Please work out how many lines in the data below hold the word "comNzRingType", and state only the number.

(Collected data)
- - -
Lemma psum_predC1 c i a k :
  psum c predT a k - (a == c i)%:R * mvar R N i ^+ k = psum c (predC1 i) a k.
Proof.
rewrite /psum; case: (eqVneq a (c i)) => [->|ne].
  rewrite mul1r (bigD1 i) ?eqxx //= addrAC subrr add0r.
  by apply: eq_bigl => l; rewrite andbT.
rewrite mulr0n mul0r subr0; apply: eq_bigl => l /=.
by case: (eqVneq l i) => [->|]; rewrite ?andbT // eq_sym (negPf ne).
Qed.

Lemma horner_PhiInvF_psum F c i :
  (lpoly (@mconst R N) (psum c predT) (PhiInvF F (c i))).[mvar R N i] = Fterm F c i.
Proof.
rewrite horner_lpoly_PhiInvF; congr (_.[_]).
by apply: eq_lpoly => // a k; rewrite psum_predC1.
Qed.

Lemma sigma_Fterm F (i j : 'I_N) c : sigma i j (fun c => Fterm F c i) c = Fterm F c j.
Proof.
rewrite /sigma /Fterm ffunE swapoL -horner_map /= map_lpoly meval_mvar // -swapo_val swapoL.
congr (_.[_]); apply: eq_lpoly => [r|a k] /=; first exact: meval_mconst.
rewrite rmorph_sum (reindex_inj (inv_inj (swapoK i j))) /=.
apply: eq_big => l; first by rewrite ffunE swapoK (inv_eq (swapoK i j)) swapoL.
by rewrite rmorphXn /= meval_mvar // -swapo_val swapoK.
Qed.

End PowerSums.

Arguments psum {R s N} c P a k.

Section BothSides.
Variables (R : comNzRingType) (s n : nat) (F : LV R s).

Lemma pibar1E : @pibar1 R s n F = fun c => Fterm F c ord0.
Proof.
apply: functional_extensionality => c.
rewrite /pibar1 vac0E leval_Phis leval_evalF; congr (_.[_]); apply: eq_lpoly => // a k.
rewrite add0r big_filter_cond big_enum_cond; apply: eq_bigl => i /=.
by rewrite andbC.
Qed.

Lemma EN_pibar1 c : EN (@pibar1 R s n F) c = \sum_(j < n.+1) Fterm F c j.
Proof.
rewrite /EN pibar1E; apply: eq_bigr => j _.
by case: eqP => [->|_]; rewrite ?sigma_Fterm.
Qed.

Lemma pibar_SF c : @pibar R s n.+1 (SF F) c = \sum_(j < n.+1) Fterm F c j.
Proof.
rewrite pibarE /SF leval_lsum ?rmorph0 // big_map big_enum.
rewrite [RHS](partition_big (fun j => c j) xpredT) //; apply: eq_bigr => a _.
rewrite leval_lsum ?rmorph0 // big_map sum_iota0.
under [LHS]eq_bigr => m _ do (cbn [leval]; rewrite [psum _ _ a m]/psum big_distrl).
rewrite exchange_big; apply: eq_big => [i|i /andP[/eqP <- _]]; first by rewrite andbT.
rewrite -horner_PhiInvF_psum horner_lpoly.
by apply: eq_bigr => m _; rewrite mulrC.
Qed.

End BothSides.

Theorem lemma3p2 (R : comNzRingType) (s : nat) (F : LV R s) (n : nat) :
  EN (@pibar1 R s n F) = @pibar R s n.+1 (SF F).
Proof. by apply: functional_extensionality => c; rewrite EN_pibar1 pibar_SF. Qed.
- - -
• **ANSWER TO THIS PROBLEM**: 2